Overview
- Owner: Government of Khyber Pakhtunkhwa
- Locale: Greater Peshawar
- Headquarters: Peshawar, Khyber Pakhtunkhwa, Pakistan

= Peshawar Circular Railway =

Proposed inter-regional commuter rail system

Peshawar Circular Railway (د پېښور حلقوي رېلوې; abbreviated PCR) or Greater Peshawar Mass-Transit Circular Rail Project is a proposed inter-regional commuter rail system for the Peshawar Valley or Greater Peshawar metropolitan area which aims to connect several industrial and commercial districts within Peshawar to the outlying suburbs and cities of Jamrud, Charsadda, Mardan, Nowshera, with future expansion to Swabi. The PCR will primarily serve the Metropolitan Peshawar region, with operations extending to several other communities. In August 2016, the Government of Khyber Pakhtunkhwa signed a $1.6 billion memorandum of understanding (MoU) with China Communication and Construction Company for the project. This railway is expected to resolve transportation problems in the Peshawar region and generate jobs leading to the overall economic revival of the province. However, there had been little progress towards realizing the project until early 2024.

According to the MoU, China Communication and Construction Company shall conduct a feasibility study, inclusive of concept design, cost estimation and will prepare a technical and financial proposal to the provincial government in respect of the development of the project.
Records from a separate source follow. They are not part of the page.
Lemma size_le_fkeys n d j U (L : seq key) :
  {in L, forall k, valid_key n d j U k} -> uniq L ->
  size L <= \sum_(k : fkey U n) (key_of_fkey k \in L : nat).
Proof.
move=> valid uL; rewrite sum_indicator cardE -(size_map (@key_of_fkey U n)).
apply: uniq_leq_size => // k kL; apply/mapP.
case: k kL (valid k kL) => [[[[cs sg] a] b] e] kL [aU en /and4P [_ ba _ _] _].
have bU : b < U.+1 by rewrite ltnS (leq_trans ba).
have E : key_of_fkey ((cs, sg, inord a, inord b, inord e) : fkey U n) = (cs, sg, a, b, e).
  by rewrite /key_of_fkey /= !inordK.
by exists (cs, sg, inord a, inord b, inord e); rewrite // mem_enum inE E.
Qed.

Lemma admissible_eq_mod n j a b e1 e2 :
  admissible n j a b e1 -> admissible n j a b e2 -> e1 = e2 %[mod a].
Proof.
wlog le21 : e1 e2 / e2 <= e1 => [hyp A1 A2|].
  by case: (leqP e2 e1) => [|/ltnW] le; [apply: hyp | apply/esym; apply: hyp].
move=> /and5P [a_gt0 _ co _ /existsP [c1 /andP [/eqP E1 _]]].
move=> /and5P [_ _ _ _ /existsP [c2 /andP [/eqP E2 _]]].
apply/eqP; rewrite eqn_mod_dvd // -(Gauss_dvdr _ co).
have -> : b * (e1 - e2) = a * (c2 - c1) by nia.
exact: dvdn_mulr.
Qed.

Lemma admissible_quotient_le n j a b e : 0 < j ->
  admissible n j a b e -> e %/ a <= n %/ (j * a) %/ a.
Proof.
move=> j_gt0 /and5P [a_gt0 _ _ _ /existsP [c /andP [/eqP E jec]]].
by apply: leq_div2r; rewrite leq_divRL ?muln_gt0 ?j_gt0 //; nia.
Qed.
It would also provide technical specification to government for the soil investigation and survey. The Government of Khyber Pakhtunkhwa shall be responsible for obtaining all approvals permits, land rights and other necessary permissions to enable the company to complete the feasibility work. The government will facilitate the company to fulfill its obligations and responsibilities by providing available relevant local technical information and other necessary documents available in respect of project. The financial model for the project has to be agreed between the parties prior to commencement of the project through an agreement to be signed after fulfilling all legal and codal formalities.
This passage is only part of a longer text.